-- Data under study follows --
Definition alg2_iso (k : fieldType) (A B : alg2 k) :=
  exists f : 'rV[k]_2 -> 'rV[k]_2,
    [/\ linear f, bijective f, f (a2_one A) = a2_one B &
        forall x y, f (a2_mul A x y) = a2_mul B (f x) (f y)].

From HB Require Import structures.
From mathcomp Require Import all_boot all_order all_algebra.
From mathcomp Require Import ring.
From Stdlib Require Import Classical.
Import Order.TTheory GRing.Theory Num.Theory.
Set Implicit Arguments. Unset Strict Implicit. Unset Printing Implicit Defensive.
Local Open Scope ring_scope.

(* For [v] orthogonal to [1] with [N v != 0], choosing [a] orthogonal to [<1, v>] and [b]
   orthogonal to [<1, v, a, v a>], all anisotropic, presents the algebra as the threefold
   Cayley-Dickson double of [k] with parameters [N v], [N a], [N b]. When [N] is isotropic
   these choices can be made with [N a = N b = -1]: an isotropic vector, written [x + y b]
   with [x], [y] quaternions, either yields a quaternion of norm [-1 / N b] or makes the
   quaternion norm universal. Hence the presentation depends on [N v] only, and vectors of
   [1^perp] whose norms agree up to squares are conjugate under automorphisms. Conversely
   automorphisms preserve [N], since [x^2 - tr(x) x + N(x) = 0]. Every class of [k^x / k^x2]
   is a norm from [1^perp], because [b] and [a b] span a hyperbolic plane there. Finally the
   class of [c] corresponds to the quadratic algebra [k[u]/(u^2 + c)], and every
   2-dimensional composition algebra is of this form. *)

Section LinearFunctions.
Variables (k : fieldType) (U W : lmodType k) (f : U -> W).
Hypothesis f_lin : linear f.

Lemma lin_fun0 : f 0 = 0.
Proof.
have := f_lin 1 0 0; rewrite !scale1r addr0 => h.
by apply: (addrI (f 0)); rewrite addr0 -h.
Qed.

Lemma lin_funD x y : f (x + y) = f x + f y.
Proof. by have := f_lin 1 x y; rewrite !scale1r. Qed.

Lemma lin_funZ r x : f (r *: x) = r *: f x.
Proof. by rewrite -(addr0 (r *: x)) f_lin lin_fun0 addr0. Qed.

Lemma lin_funN x : f (- x) = - f x.
Proof. by rewrite -scaleN1r lin_funZ scaleN1r. Qed.

Lemma lin_funB x y : f (x - y) = f x - f y.
Proof. by rewrite lin_funD lin_funN. Qed.

Lemma lin_fun_sum m (g : 'I_m -> U) : f (\sum_i g i) = \sum_i f (g i).
Proof. by elim/big_rec2: _ => [|i y1 y2 _ <-]; [exact: lin_fun0 | exact: lin_funD]. Qed.

End LinearFunctions.

Lemma inj_surj_bij (A : choiceType) (B : eqType) (e : A -> B) :
  injective e -> (forall z, exists p, z = e p) -> bijective e.
Proof.
move=> e_inj e_surj.
have ex z : exists p, z == e p by have [p ->] := e_surj z; exists p.
exists (fun z => xchoose (ex z)) => [p|z]; last exact/esym/eqP/(xchooseP (ex z)).
by apply: e_inj; rewrite -(eqP (xchooseP (ex (e p)))).
Qed.

Section Spans.
Variables (k : fieldType) (m n : nat) (F : 'I_m -> 'rV[k]_n).

Let M := \matrix_i F i.

Lemma sum_scale_mulmx (c : 'I_m -> k) : \sum_i c i *: F i = (\row_i c i) *m M.
Proof. by rewrite mulmx_sum_row; apply: eq_bigr => i _; rewrite rowK mxE. Qed.

Lemma exists_notin_span : (m < n)%N ->
  exists z, forall c : 'I_m -> k, z != \sum_i c i *: F i.
Proof.
move=> lt_mn; have /row_subPn [j notin] : ~~ (1%:M <= M)%MS.
  apply: contraTN lt_mn => /mxrankS; rewrite mxrank1 -leqNgt => le_nr.
  exact: leq_trans le_nr (rank_leq_row M).
exists (row j 1%:M) => c; apply: contraNneq notin => ->.
by rewrite sum_scale_mulmx submxMl.
Qed.

Lemma free_family_spans : (n <= m)%N ->
  (forall c : 'I_m -> k, \sum_i c i *: F i = 0 -> forall i, c i = 0) ->
  forall z, exists c : 'I_m -> k, z = \sum_i c i *: F i.
Proof.
move=> le_nm free z.
have freeM : row_free M.
  apply: inj_row_free => u uM0; apply/rowP => i; rewrite mxE.
  apply: (free (fun j => u 0 j)); rewrite sum_scale_mulmx -uM0.
  by congr (_ *m _); apply/rowP => j; rewrite mxE.
have fullM : row_full M.
  by rewrite -col_leq_rank (eqnP freeM).
have /submxP [D ->] := submx_full z fullM.
exists (fun i => D 0 i); rewrite sum_scale_mulmx; congr (_ *m _); by apply/rowP => i; rewrite mxE.
Qed.

End Spans.

Section CayleyDickson.
Variable k : fieldType.

Record cd_algebra := CDAlgebra {
  cd_carrier :> lmodType k;
  cd_mul : cd_carrier -> cd_carrier -> cd_carrier;
  cd_conj : cd_carrier -> cd_carrier;
  cd_polar : cd_carrier -> cd_carrier -> k;
  cd_one : cd_carrier }.

Definition cd_scalars : cd_algebra :=
  @CDAlgebra k^o *%R id (fun x y => 2 * (x * y)) 1.

(* The doubling of [D] with parameter [g]: [(x, y)] stands for [x + y a] with [N a = g]. *)
Definition cd_double (D : cd_algebra) (g : k) : cd_algebra :=
  @CDAlgebra (D * D)%type
    (fun P Q => (cd_mul P.1 Q.1 - g *: cd_mul (cd_conj Q.2) P.2,
                 cd_mul Q.2 P.1 + cd_mul P.2 (cd_conj Q.1)))
    (fun P => (cd_conj P.1, - P.2))
    (fun P Q => cd_polar P.1 Q.1 + g * cd_polar P.2 Q.2)
    (cd_one D, 0).

Definition cd_nondeg (D : cd_algebra) :=
  forall P : D, (forall Q, cd_polar P Q = 0) -> P = 0.

Lemma cd_scalars_nondeg : (2 : k) != 0 -> cd_nondeg cd_scalars.
Proof.
by move=> two_neq0 x /(_ 1) /= /eqP; rewrite mulr1 mulf_eq0 (negbTE two_neq0) => /eqP.
Qed.

End CayleyDickson.

Section CompositionAlgebra.
Variables (k : fieldType) (n : nat).
Local Notation V := 'rV[k]_n.
Variables (mul : V -> V -> V) (one : V) (N : V -> k).
Hypothesis two_neq0 : (2 : k) != 0.
Hypothesis n_gt0 : (0 < n)%N.
Hypothesis hC : is_composition_algebra mul one N.

Local Notation "x ** y" := (mul x y) (at level 40, left associativity).
Local Notation B := (polar N).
-- Data under study concluded --
• [What this task involves]: How many lines in the records above contain the word "Hypothesis"? Reply with the number alone.

• [Task answer]: 4